6 июля войска Центрального фронта нанесли контрудар по северной вражеской группировке. Но с юга немцы продолжали рваться по шоссе к Обояни и Курску.

В нескольких местах гитлеровцы продвинулись на семь-восемь километров. И хотя было заметно: возможности их уже истощены, они атакуют осторожнее и значительно меньшими силами, бросая в бой теперь лишь до двадцать — двадцать пять танков, тем не менее враг стремился развить успех, и сражение не затихало ни днем, ни ночью.

Генерал Ястребов и замполит полковник Карасев сидели в землянке. Голова у Карасева была забинтована. Пятна крови проступали сквозь марлю, и он держал голову неестественно прямо, точно боялся пошевелить ею.

— Петр Петрович! — возбужденно говорил ему Ястребов. — Ведь выстояли, а? А ведь выстояли же, а? Ты смотри: от Ватутина благодарность всей дивизии! — И он протягивал Карасеву телеграмму, которую замполит уже знал наизусть.

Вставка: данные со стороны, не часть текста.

(* Let $\nu\ge3$ be a square-free integer with $\nu\equiv2$ or $3\pmod 4$. Define $x_0=0$ and $x_{n+1}=\sqrt{\nu+x_n}$. Let $n\ge1$ and let $p$ be a prime divisor of $\nu$. For any maximal ideal $\mathcal{P}\subseteq\mathbb{Z}[x_n]$ with $\mathcal{P}\cap\mathbb{Z}=p\mathbb{Z}$, the localization of $\mathbb{Z}[x_n]$ at $\mathcal{P}$ is a discrete valuation ring.
   Context: Square roots are the positive real ones. *)

(* the ambient field is algC (algebraic complex numbers);
   Z[x_n] is realised as a subring of algC. *)
From HB Require Import structures.
From mathcomp Require Import all_boot all_order all_algebra all_field.
Set Implicit Arguments. Unset Strict Implicit. Unset Printing Implicit Defensive.
Import Order.TTheory GRing.Theory Num.Theory.
Local Open Scope ring_scope.

Definition squarefree (nu : nat) : Prop :=
  forall q : nat, prime q -> ~ (q * q %| nu)%N.

Fixpoint xseq (nu : nat) (n : nat) : algC :=
  match n with
  | 0 => 0
  | n'.+1 => sqrtC (nu%:R + xseq nu n')
  end.

Definition Zadj (a : algC) (y : algC) : Prop :=
  exists q : {poly int}, y = (map_poly (fun z : int => z%:~R) q).[a].

Definition is_ideal (A I : algC -> Prop) : Prop :=
  [/\ forall x, I x -> A x,
      I 0,
      forall x y, I x -> I y -> I (x - y)
    & forall r x, A r -> I x -> I (r * x)].

Definition is_maximal_ideal (A P : algC -> Prop) : Prop :=
  [/\ is_ideal A P,
      (exists a, A a /\ ~ P a)
    & forall J, is_ideal A J -> (forall x, P x -> J x) ->
        (forall x, J x <-> P x) \/ (forall x, J x <-> A x)].
(* gseq k = V(G^(k+1)).  Once G^(k) is a clique or has no strict corner,
   no vertex is removed any more (a clique has no strict corner). *)
Fixpoint gseq (k : nat) : {set T} :=
  if k is k'.+1 then gseq k' :\: strict_corners (gseq k') else [set: T].

(* the corner rank is finite and equals a: G^(a) is a clique and a is least *)
Definition corner_rank_is (a : nat) : Prop :=
  0 < a /\ is_clique (gseq a.-1) /\ forall j, j < a.-1 -> ~~ is_clique (gseq j).

(* X_j : vertices of rank j (1 <= j <= a), for corner rank a *)
Definition rank_class (a j : nat) : {set T} :=
  if j == a then gseq a.-1 else strict_corners (gseq j.-1).

Definition dominates (v : T) (S : {set T}) : bool := [forall x in S, adj v x].

(* type 0 (for corner rank a >= 2): no vertex of rank a dominates V(G^(a-1)) *)
Definition type0 (a : nat) : bool :=
  ~~ [exists v in rank_class a a, dominates v (gseq a.-2)].

(* rank cardinality vector (x_a, ..., x_1) *)
Definition rank_card_vector (a : nat) : seq nat :=
  [seq #|rank_class a j| | j <- rev (iota 1 a)].

End CornerRanking.

(* s is 0-realizable: it is the rank cardinality vector of some cop-win graph
   of type 0 (type is only defined for corner rank >= 2). *)
Definition zero_realizable (s : seq nat) : Prop :=
  exists (T : finType) (adj : rel T) (a : nat),
    [/\ reflexive adj, symmetric adj & 0 < #|T|] /\
    [/\ corner_rank_is adj a, 2 <= a, type0 adj a &
        rank_card_vector adj a = s].

(* Let G have corner rank 4, type 0, |X_1| = 1 and X_4 = {c1, c2}.  A vertex of X_3 is strictly cornered in G^(3) by a vertex that is not a
   strict corner there, i.e. by c1 or c2.  If N[p] is strictly contained in N[q] in
   G^(3), some u in X_2 sees p but not q, since otherwise p would be a strict corner of
   G^(2); and u is strictly cornered in G^(2) by some w in G^(3), which then sees all
   neighbours of u in G^(3).

   The unique vertex of X_1 sees all of X_2, and lifting its dominator gives h in G^(3)
   seeing all of X_2.  If h were c1, then c2 would dominate G^(3); so h lies in X_3
   below c1, say.  Type 0 yields x, z in X_3 with x not adjacent to c1 and z not
   adjacent to c2; the witnesses u, u2 in X_2 separating x from c2 and z from c1, and
   their dominators w, w2, make h, x, w, z four distinct vertices of X_3 with forced
   adjacencies.  If |X_3| = 4, w2 forces h to see z, and then h sees every neighbour of
   c1.  If |X_3| = 5 and X_2 = {u, u2}, the fifth vertex of X_3 is adjacent to neither
   w nor x, hence N[x] is strictly contained in N[w], but no vertex of X_2 separates
   x from w. *)

From mathcomp Require Import all_boot.
Set Implicit Arguments. Unset Strict Implicit. Unset Printing Implicit Defensive.

Lemma mem_uniq_subset_card (T : finType) (A : {set T}) (s : seq T) :
  uniq s -> {subset s <= A} -> #|A| <= size s -> {subset A <= s}.
Proof.
move=> us sA le e eA.
have sAe : {subset s <= enum A} by move=> y /sA; rewrite mem_enum.
have le' : size (enum A) <= size s by rewrite -cardE.
by rewrite (uniq_min_size us sAe le').2 mem_enum.
Qed.

Section StrictCorners.
Variables (T : finType) (adj : rel T).
Hypotheses (adj_refl : reflexive adj) (adj_sym : symmetric adj).

Local Notation N := (nbhd adj).
Implicit Types (S A : {set T}) (v w y : T) (s : seq T).

Lemma adj_neq v a b : adj v a -> ~~ adj v b -> a != b.
Proof. by move=> va; apply: contraNneq => <-. Qed.

Lemma in_nbhd S v y : (y \in N S v) = (y \in S) && adj v y.
Proof. by rewrite inE. Qed.

Lemma strict_cornerP S v :
  reflect (v \in S /\ exists2 w, w \in S & N S v \proper N S w)
          (v \in strict_corners adj S).
Proof.
rewrite inE; apply: (iffP andP) => [[vS /existsP[w /and4P[wS _ _ vw]]]|[vS [w wS vw]]].
  by split => //; exists w.
split => //; apply/existsP; exists w; apply/and4P; split => //.
by apply: contraTneq vw => ->; rewrite properxx.
Qed.

Lemma strict_corners_sub S : strict_corners adj S \subset S.
Proof. by apply/subsetP => v /strict_cornerP[]. Qed.

Lemma nbhd_sub_adj S v w y : N S v \subset N S w -> y \in S -> adj v y -> adj w y.
Proof. by move=> /subsetP vw yS vy; have := vw y; rewrite !in_nbhd yS vy => /(_ isT). Qed.

Lemma nbhd_sub_self S v w : N S v \subset N S w -> v \in S -> adj w v.
Proof. by move=> vw vS; apply: nbhd_sub_adj vw vS (adj_refl v). Qed.

Lemma proper_nbhdP S v w : N S v \proper N S w ->
  exists2 e, e \in S & adj w e && ~~ adj v e.
Proof.
case/properP=> _ [e]; rewrite !in_nbhd => /andP[eS we].
by rewrite eS /= => nve; exists e; rewrite ?we.
Qed.

Lemma sub_nbhd_all S v w s : {subset S <= s} ->
  all [pred e | adj v e ==> adj w e] s -> N S v \subset N S w.
Proof.
move=> Ss /allP vw; apply/subsetP => e; rewrite !in_nbhd => /andP[eS ve].
by rewrite eS (implyP (vw e (Ss e eS))).
Qed.

Lemma proper_nbhd_extend A S v w : A \subset S -> N A v \proper N A w ->
  {in S :\: A, forall y, adj v y -> adj w y} -> N S v \proper N S w.
Proof.
move=> AS vw ext; apply/properP; split.
  apply/subsetP => y; rewrite !in_nbhd => /andP[yS vy]; rewrite yS /=.
  have [yA|yA] := boolP (y \in A); first exact: nbhd_sub_adj (proper_sub vw) yA vy.
  by apply: ext vy; rewrite inE yA.
have [e eA /andP[we nve]] := proper_nbhdP vw.
by exists e; rewrite !in_nbhd (subsetP AS e eA) ?we.
Qed.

— Размножим и пошлем по всем частям, — сказал, морщась от боли, Карасев. — Пусть люди узнают…

— Вот бы Потапов обрадовался!

— Да, жаль старика. Можно сказать, за пять минут до конца боя царапнуло…

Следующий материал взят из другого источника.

(* Fix one of the two variants $\sharp\in\{\text{lumped},\text{exact}\}$ described in the context. Suppose $\partial_0I=\emptyset$, let $\vec X^m\in\underline V^h$ satisfy assumption $(\mathfrak A)$, and let $0<\Delta t_m<3\min_{\overline I}(\vec X^m\cdot\vec e_1)^2$. Then there exists a pair $(\delta\vec X^{m+1},\vec\kappa^{m+1})\in\underline V^h_\partial\times\underline V^h$ such that, with $\vec X^{m+1}=\vec X^m+\delta\vec X^{m+1}$, $$\Big(\vec X^m\cdot\vec e_1\,\tfrac{\vec X^{m+1}-\vec X^m}{\Delta t_m},\vec\chi\,|\vec X^m_\rho|\Big)_\sharp=\Big((\vec X^m\cdot\vec e_1)\vec\kappa^{m+1},\vec\chi\,|\vec X^m_\rho|\Big)_\sharp\quad\forall\,\vec\chi\in\underline V^h,$$ $$\Big((\vec X^m\cdot\vec e_1)\vec\kappa^{m+1},\vec\eta\,|\vec X^m_\rho|\Big)_\sharp+\big(\vec\eta\cdot\vec e_1,|\vec X^{m+1}_\rho|\big)+\Big((\vec X^m\cdot\vec e_1)\vec X^{m+1}_\rho,\vec\eta_\rho|\vec X^m_\rho|^{-1}\Big)$$ $$=-\sum_{p\in\partial_1I}\widehat\varrho^{(p)}(\vec X^m(p)\cdot\vec e_1)\,\vec\eta(p)\cdot\vec e_2-\sum_{p\in\partial_2I}\Big(\big([\widehat\varrho^{(p)}]_+\vec X^{m+1}(p)+[\widehat\varrho^{(p)}]_-\vec X^m(p)\big)\cdot\vec e_1\Big)\,\vec\eta(p)\cdot\vec e_1\quad\forall\,\vec\eta\in\underline V^h_\partial .$$
   Context: Setup. $\vec e_1=(1,0)^T$, $\vec e_2=(0,1)^T$; ''$\cdot$'' is the Euclidean inner product; $[r]_+=\max\{r,0\}$, $[r]_-=-\max\{-r,0\}$. $I$ is either the periodic interval $\mathbb R/\mathbb Z$ (with $\partial I=\emptyset$) or $I=(0,1)$ (with $\partial I=\{0,1\}$). $\partial I=\partial_DI\cup\partial_0I\cup\partial_1I\cup\partial_2I$ is a given disjoint partition, and $\widehat\varrho^{(p)}\in\mathbb R$, $p\in\{0,1\}$, are given constants with $|\widehat\varrho^{(p)}|\le1$. Let $J\ge3$, $h=1/J$, $q_j=jh$ ($j=0,\dots,J$; $q_0=q_J$ identified in the periodic case). $V^h$ is the space of continuous functions on $\overline I$ (periodic if $I=\mathbb R/\mathbb Z$) that are affine on each $[q_{j-1},q_j]$; $\underline V^h=[V^h]^2$; $\underline V^h_\partial=\{\vec\eta\in\underline V^h:\vec\eta(\rho)\cdot\vec e_1=0\ \forall\rho\in\partial_0I;\ \vec\eta(\rho)\cdot\vec e_i=0\ \forall\rho\in\partial_iI,\ i=1,2;\ \vec\eta(\rho)=\vec0\ \forall\rho\in\partial_DI\}$. $(\cdot,\cdot)$ is the $L^2(I)$ inner product (with dot product for vector functions), and for piecewise continuous $f,g$ the mass-lumped product is $(f,g)^h=\tfrac h2\sum_{j=1}^J[(fg)(q_j^-)+(fg)(q_{j-1}^+)]$. Two variants: in the ''lumped'' variant $(\cdot,\cdot)_\sharp=(\cdot,\cdot)^h$; in the ''exact'' variant $(\cdot,\cdot)_\sharp=(\cdot,\cdot)$. Assumption $(\mathfrak A)$: $|\vec X^m_\rho|>0$ a.e. on $I$ and $\vec X^m(\rho)\cdot\vec e_1>0$ for all $\rho\in\overline I\setminus\partial_0I$. *)

From Stdlib Require Import Reals Lra Lia ClassicalEpsilon.
Open Scope R_scope.

Definition vec := (R * R)%type.
Definition vadd (u v : vec) : vec := (fst u + fst v, snd u + snd v).
Definition vsub (u v : vec) : vec := (fst u - fst v, snd u - snd v).
Definition vscal (a : R) (u : vec) : vec := (a * fst u, a * snd u).
Definition vdot (u v : vec) : R := fst u * fst v + snd u * snd v.
Definition vnorm (u : vec) : R := sqrt (vdot u u).
Definition e1 : vec := (1, 0).
Definition e2 : vec := (0, 1).

Definition rpos (r : R) : R := Rmax r 0.
Definition rneg (r : R) : R := - Rmax (- r) 0.

Definition hh (J : nat) : R := 1 / INR J.
Definition q (J j : nat) : R := INR j / INR J.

Теперь дивизия Ястребова могла передохнуть. Поело многодневных боев гитлеровцы поняли, что на этом направлении им не пройти, и перенесли удар на левый фланг армии Чистякова.

Ястребов приказал выставить боевое охранение, а солдатам разрешил спать. И солдаты спали, лежа на траве, спали так крепко, что их не мог разбудить танковый бой, развернувшийся всего в двух километрах.

И вот в эти часы такого желанного и давно заслуженного и необходимого отдыха в землянку к Ястребову спустился офицер связи армии.

— Товарищ генерал, — обратился он к командиру дивизии, — вам боевой приказ. — И передал синий конверт с красными сургучными печатями.

Сломав печати, Ястребов вынул из конверта приказ, прочитал и отдал Карасеву.

Они ни слова не сказали друг другу.

«Что ж, приказ есть приказ, — подумал каждый из них. — Надо выполнять».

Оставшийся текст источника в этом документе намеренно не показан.